(* Let $M$ be a nondegenerate $(0,1)$-matrix of order $n$, and let $A$ be the matrix of order $n+1$ obtained from $M$ by adding an $(n+1)$th row $(0,\dots,0,1)$ and an $(n+1)$th column consisting of $1$'s. Write $A^{-1}=(l_{ij})$. Then for each $i=1,\dots,n$, $\sum_{j=1}^{n+1}|l_{ij}|\ge2$. If $|\det M|=h_n$, then $\sum_{j=1}^{n+1}|l_{ij}|=2$ for all $i=1,\dots,n$. Consequently, if $\sum_{j=1}^{n+1}|l_{ij}|>2$ for some $i$, then $|\det M|<h_n$.
   Context: $h_n$ denotes the maximal value of the determinant of an $n\times n$ matrix with all entries in $\{0,1\}$. *)

From HB Require Import structures.
From mathcomp Require Import all_boot all_order all_algebra.
Set Implicit Arguments. Unset Strict Implicit. Unset Printing Implicit Defensive.
Import Order.TTheory GRing.Theory Num.Theory.
Local Open Scope ring_scope.

(* A (0,1)-matrix of order n is encoded by a boolean matrix; its integer
   realisation has entries 0 or 1. *)
Definition int01 (n : nat) (B : 'M[bool]_n) : 'M[int]_n :=
  map_mx (fun b : bool => (b : nat)%:Z) B.

(* h n = maximal value of the determinant of an n x n (0,1)-matrix.
   (The identity matrix has determinant 1 > 0, so starting the max at 0 is harmless.) *)
Definition h (n : nat) : int :=
  \big[Num.max/0]_(B : 'M[bool]_n) \det (int01 B).

(* A = [ M  1 ]
       [ 0  1 ]  : the (n+1)-th row is (0,...,0,1), the (n+1)-th column is all 1's. *)
Definition augment (R : nzRingType) (n : nat) (M : 'M[R]_n) : 'M[R]_n.+1 :=
  \matrix_(i < n.+1, j < n.+1)
    match unlift ord_max i, unlift ord_max j with
    | Some i', Some j' => M i' j'
    | _, None => 1
    | None, Some _ => 0
    end.

Definition inv_row_abs_sum (R : realFieldType) (n : nat) (M : 'M[R]_n) (i : 'I_n) : R :=
  \sum_(j < n.+1) `| (invmx (augment M)) (lift ord_max i) j |.

From HB Require Import structures.
From mathcomp Require Import all_boot all_order all_algebra perm.
From mathcomp Require Import lra.
Set Implicit Arguments. Unset Strict Implicit. Unset Printing Implicit Defensive.
Import Order.TTheory GRing.Theory Num.Theory.
Local Open Scope ring_scope.

(* Let M be a nondegenerate (0,1)-matrix of order n, A = augment M, and let
   l = (l_1,...,l_n) be the i-th row of M^-1.

   1. A^-1 = [M^-1, -M^-1 1; 0, 1], so the i-th row of A^-1 is
      (l_1, ..., l_n, -(l_1 + ... + l_n)) and the row sum of absolute values
      is  S = sum_k |l_k| + |sum_k l_k|.
   2. Splitting l into its positive mass P and negative mass N gives
      S = P + N + |P - N| = 2 max(P, N); moreover P >= l . c for every
      (0,1)-vector c, and both P and -N are attained as l . c.
   3. Cramer's rule: replacing column i of M by c multiplies det M by l . c.
   Taking c = column i of M gives P >= l . c = 1, hence S >= 2.  If S > 2,
   some (0,1)-vector c has |l . c| > 1, so the (0,1)-matrix obtained by
   replacing column i by c has determinant larger than |det M| in absolute
   value, whence |det M| < h_n.  The equality case follows from both. *)

Section ZeroOneCombinations.
Variables (R : realDomainType) (n : nat) (x : 'I_n -> R).

Definition pos_mass : R := \sum_(k | 0 <= x k) x k.
Definition neg_mass : R := \sum_(k | x k < 0) - x k.

Lemma sum_indicator (P : pred 'I_n) :
  \sum_k x k * (P k)%:R = \sum_(k | P k) x k.
Proof.
by rewrite [RHS]big_mkcond; apply: eq_bigr => k _; case: (P k); rewrite ?mulr1 ?mulr0.
Qed.

Lemma sum_split_mass : \sum_k x k = pos_mass - neg_mass.
Proof.
rewrite /neg_mass sumrN opprK (bigID (fun k => 0 <= x k)) /=; congr (_ + _).
by apply: eq_bigl => k; rewrite ltNge.
Qed.

Lemma sum_norm_mass : \sum_k `|x k| = pos_mass + neg_mass.
Proof.
rewrite (bigID (fun k => 0 <= x k)) /=; congr (_ + _).
  by apply: eq_bigr => k x0; rewrite ger0_norm.
by apply: eq_big => [k | k]; rewrite -ltNge // => x0; rewrite ltr0_norm.
Qed.

Lemma mass_ge0 : 0 <= pos_mass /\ 0 <= neg_mass.
Proof.
by split; apply: sumr_ge0 => k //; rewrite oppr_ge0 => /ltW.
Qed.

Lemma norm_sum_mass_ge :
  2 * pos_mass <= \sum_k `|x k| + `|\sum_k x k| /\
  2 * neg_mass <= \sum_k `|x k| + `|\sum_k x k|.
Proof.
rewrite sum_norm_mass sum_split_mass.
have := ler_norm (pos_mass - neg_mass); have := ler_norm (neg_mass - pos_mass).
by rewrite distrC; split; lra.
Qed.

Lemma norm_sum_mass_eq :
  \sum_k `|x k| + `|\sum_k x k| = 2 * pos_mass \/
  \sum_k `|x k| + `|\sum_k x k| = 2 * neg_mass.
Proof.
rewrite sum_norm_mass sum_split_mass.
have [PN|PN] := leP neg_mass pos_mass.
  by left; rewrite ger0_norm ?subr_ge0 //; lra.
by right; rewrite ltr0_norm ?subr_lt0 //; lra.
Qed.

Lemma zero_one_le_pos_mass (c : 'I_n -> R) :
  (forall k, c k = 0 \/ c k = 1) -> \sum_k x k * c k <= pos_mass.
Proof.
move=> c01; rewrite /pos_mass [X in _ <= X]big_mkcond; apply: ler_sum => k _.
by case: (c01 k) => ->; rewrite ?mulr0 ?mulr1; case: (leP 0 (x k)) => // /ltW.
Qed.

Lemma indicator_zero_one (P : pred 'I_n) (k : 'I_n) :
  (P k)%:R = 0 :> R \/ (P k)%:R = 1 :> R.
Proof. by case: (P k); [right | left]. Qed.

(* The indicator of the nonnegative (resp. negative) entries attains P
   (resp. -N), so some (0,1)-combination has absolute value max(P, N). *)
Lemma zero_one_attains_norm_sum :
  exists2 c : 'I_n -> R, (forall k, c k = 0 \/ c k = 1) &
    2 * `|\sum_k x k * c k| = \sum_k `|x k| + `|\sum_k x k|.
Proof.
have [P0 N0] := mass_ge0.
case: norm_sum_mass_eq => ->.
  exists (fun k => (0 <= x k)%R%:R); first exact: indicator_zero_one.
  by rewrite sum_indicator ger0_norm.
exists (fun k => (x k < 0)%R%:R); first exact: indicator_zero_one.
by rewrite sum_indicator -normrN -sumrN ger0_norm.
Qed.

End ZeroOneCombinations.

Section ZeroOneDeterminants.
Variable R : realDomainType.

Lemma zero_one_int01 n (N : 'M[R]_n) :
  (forall i j, N i j = 0 \/ N i j = 1) ->
  N = map_mx intr (int01 (\matrix_(i, j) (N i j == 1))).
Proof.
move=> N01; apply/matrixP => i j; rewrite !mxE.
by case: (N01 i j) => ->; rewrite ?eqxx // eq_sym oner_eq0.
Qed.

Lemma det_le_h n (N : 'M[R]_n) :
  (forall i j, N i j = 0 \/ N i j = 1) -> \det N <= (h n)%:~R.
Proof.
move=> /zero_one_int01 ->; rewrite det_map_mx ler_int.
exact: (le_bigmax 0 (fun B => \det (int01 B))).
Qed.

(* For negative determinants, swap two rows (n >= 2; otherwise det >= 0). *)
Lemma abs_det_le_h n (N : 'M[R]_n) :
  (forall i j, N i j = 0 \/ N i j = 1) -> `|\det N| <= (h n)%:~R.
Proof.
move=> N01; have [d0|d0] := leP 0 (\det N).
  by rewrite ger0_norm //; exact: det_le_h.
rewrite ltr0_norm //; move: N N01 d0; case: n => [|[|m]] N N01 d0.
- by rewrite det_mx00 ltr10 in d0.
- by move: d0; rewrite det_mx11; case: (N01 0 0) => ->; rewrite ?ltxx ?ltr10.
-
  set N' := row_perm (tperm 0 1) N.
  have N'01 i j : N' i j = 0 \/ N' i j = 1 by rewrite mxE; exact: N01.
  have := det_le_h N'01.
  by rewrite /N' row_permE det_mulmx det_perm odd_tperm /= expr1 mulN1r.
Qed.

End ZeroOneDeterminants.

Section Augment.
Variables (R : comUnitRingType) (n : nat) (M : 'M[R]_n).

Lemma augment_lift r s : augment M (lift ord_max r) (lift ord_max s) = M r s.
Proof. by rewrite mxE !liftK. Qed.

Lemma augment_last_col r : augment M r ord_max = 1.
Proof. by rewrite mxE unlift_none; case: unlift. Qed.

Lemma augment_last_row s : augment M ord_max (lift ord_max s) = 0.
Proof. by rewrite mxE unlift_none liftK. Qed.

(* Expanding along the last row (0, ..., 0, 1). *)
Lemma det_augment : \det (augment M) = \det M.
Proof.
rewrite (expand_det_row _ ord_max) (bigD1_ord ord_max) //= big1 ?addr0.
  rewrite augment_last_col mul1r /cofactor addnn -signr_odd odd_double mul1r.
  by congr (\det _); apply/matrixP => a b; rewrite !mxE !liftK.
by move=> j _; rewrite augment_last_row mul0r.
Qed.

Hypothesis M_unit : M \in unitmx.
Variable i : 'I_n.

Let y (j : 'I_n.+1) : R := invmx (augment M) (lift ord_max i) j.

Lemma inv_augment_row (c : 'I_n.+1) :
  y ord_max * augment M ord_max c +
  \sum_k y (lift ord_max k) * augment M (lift ord_max k) c = (lift ord_max i == c)%:R.
Proof.
have A_unit : augment M \in unitmx by rewrite unitmxE det_augment.
rewrite -(@bigD1_ord _ _ _ _ ord_max xpredT (fun j => y j * augment M j c)) //.
by have := congr1 (fun B : 'M_n.+1 => B (lift ord_max i) c) (mulVmx A_unit); rewrite !mxE.
Qed.

(* The first n entries of row i of A^-1 solve x M = e_i, so form row i of M^-1. *)
Lemma inv_augment_lift k : y (lift ord_max k) = invmx M i k.
Proof.
pose x : 'rV[R]_n := \row_k y (lift ord_max k).
have xM : x *m M = delta_mx 0 i.
  apply/rowP => j; rewrite !mxE.
  have := inv_augment_row (lift ord_max j).
  rewrite augment_last_row mulr0 add0r (inj_eq lift_inj) eq_sym => <-.
  by apply: eq_bigr => r _; rewrite mxE augment_lift.
have := congr1 (fun v : 'rV_n => v 0 k) (mulmxK M_unit x).
by rewrite xM -rowE !mxE.
Qed.

(* The last column of A is all ones, so row i of A^-1 sums to 0. *)
Lemma inv_augment_last : y ord_max = - \sum_k invmx M i k.
Proof.
have := inv_augment_row ord_max; rewrite eq_sym (negbTE (neq_lift _ _)).
under eq_bigr do rewrite augment_last_col mulr1 inv_augment_lift.
by rewrite augment_last_col mulr1 => /eqP; rewrite addr_eq0 => /eqP.
Qed.

End Augment.

Lemma inv_row_abs_sumE (R : realFieldType) n (M : 'M[R]_n) (i : 'I_n) :
  M \in unitmx ->
  inv_row_abs_sum M i = \sum_k `|invmx M i k| + `|\sum_k invmx M i k|.
Proof.
move=> M_unit; rewrite /inv_row_abs_sum (bigD1_ord ord_max) //= addrC.
rewrite inv_augment_last // normrN; congr (_ + _).
by apply: eq_bigr => k _; rewrite inv_augment_lift.
Qed.

Section ReplaceColumn.
Variables (R : comUnitRingType) (n : nat) (M : 'M[R]_n) (i : 'I_n) (c : 'I_n -> R).

Definition replace_col : 'M[R]_n := \matrix_(r, s) if s == i then c r else M r s.

Lemma det_replace_col :
  M \in unitmx -> \det replace_col = \det M * \sum_k invmx M i k * c k.
Proof.
move=> M_unit; rewrite (expand_det_col _ i) mulr_sumr; apply: eq_bigr => r _.
have -> : cofactor replace_col r i = cofactor M r i.
  rewrite /cofactor; congr (_ * \det _); apply/matrixP => a b.
  by rewrite !mxE eq_sym (negbTE (neq_lift _ _)).
by rewrite mxE eqxx /invmx M_unit mxE -mulrA mulVKr // mxE mulrC.
Qed.

End ReplaceColumn.

Section InverseRows.
Variables (R : realFieldType) (n : nat) (M : 'M[R]_n).
Hypothesis M01 : forall i j, M i j = 0 \/ M i j = 1.
Hypothesis M_unit : M \in unitmx.
Variable i : 'I_n.

Let l (k : 'I_n) : R := invmx M i k.

(* Row i of M^-1 times column i of M is 1, a (0,1)-combination, so P >= 1. *)
Lemma inv_row_pos_mass_ge1 : 1 <= pos_mass l.
Proof.
have := zero_one_le_pos_mass l (fun k => M01 k i).
have := congr1 (fun B : 'M_n => B i i) (mulVmx M_unit).
by rewrite !mxE eqxx => ->.
Qed.

Lemma abs_det_lt_h_of_comb (c : 'I_n -> R) :
  (forall k, c k = 0 \/ c k = 1) -> 1 < `|\sum_k l k * c k| ->
  `|\det M| < (h n)%:~R.
Proof.
move=> c01 lc_gt1; apply: lt_le_trans (abs_det_le_h (N := replace_col M i c) _).
  rewrite det_replace_col // normrM ltr_pMr // normr_gt0 -unitfE.
  exact: M_unit.
by move=> r s; rewrite mxE; case: (s == i).
Qed.

Lemma inv_row_abs_sum_ge2 : 2 <= inv_row_abs_sum M i.
Proof.
rewrite inv_row_abs_sumE //; have [pos_le _] := norm_sum_mass_ge l.
by apply: le_trans pos_le; rewrite ler_peMr ?inv_row_pos_mass_ge1.
Qed.

Lemma inv_row_abs_sum_gt2 : 2 < inv_row_abs_sum M i -> `|\det M| < (h n)%:~R.
Proof.
rewrite inv_row_abs_sumE // => S_gt2.
have [c c01 cE] := zero_one_attains_norm_sum l.
apply: (abs_det_lt_h_of_comb c01).
by rewrite -(ltr_pM2l (_ : 0 < 2)) // mulr1 cE.
Qed.

End InverseRows.

Theorem theorem9p1 (R : realFieldType) (n : nat) (M : 'M[R]_n)
  (H01 : forall i j, M i j = 0 \/ M i j = 1)
  (Hnd : \det M != 0) :
  (forall i : 'I_n, 2 <= inv_row_abs_sum M i) /\
  (`|\det M| = (h n)%:~R -> forall i : 'I_n, inv_row_abs_sum M i = 2) /\
  ((exists i : 'I_n, 2 < inv_row_abs_sum M i) -> `|\det M| < (h n)%:~R).
Proof.
have M_unit : M \in unitmx by rewrite unitmxE unitfE.
have ge2 := inv_row_abs_sum_ge2 H01 M_unit.
have gt2 := inv_row_abs_sum_gt2 H01 M_unit.
split; first exact: ge2.
split; last by case=> i /gt2.
move=> det_max i; apply/eqP; rewrite eq_le ge2 andbT leNgt.
by apply/negP => /gt2; rewrite det_max ltxx.
Qed.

- - -

## WHAT TO PRODUCE
Look back at the entries above. Retype the line with "have -> : cofactor", the line with "have := congr1 (fun B : 'M_n =>", and all lines in between.

## SOLVED EXERCISE
have -> : cofactor replace_col r i = cofactor M r i.
  rewrite /cofactor; congr (_ * \det _); apply/matrixP => a b.
  by rewrite !mxE eq_sym (negbTE (neq_lift _ _)).
by rewrite mxE eqxx /invmx M_unit mxE -mulrA mulVKr // mxE mulrC.
Qed.

End ReplaceColumn.

Section InverseRows.
Variables (R : realFieldType) (n : nat) (M : 'M[R]_n).
Hypothesis M01 : forall i j, M i j = 0 \/ M i j = 1.
Hypothesis M_unit : M \in unitmx.
Variable i : 'I_n.

Let l (k : 'I_n) : R := invmx M i k.

(* Row i of M^-1 times column i of M is 1, a (0,1)-combination, so P >= 1. *)
Lemma inv_row_pos_mass_ge1 : 1 <= pos_mass l.
Proof.
have := zero_one_le_pos_mass l (fun k => M01 k i).
have := congr1 (fun B : 'M_n => B i i) (mulVmx M_unit).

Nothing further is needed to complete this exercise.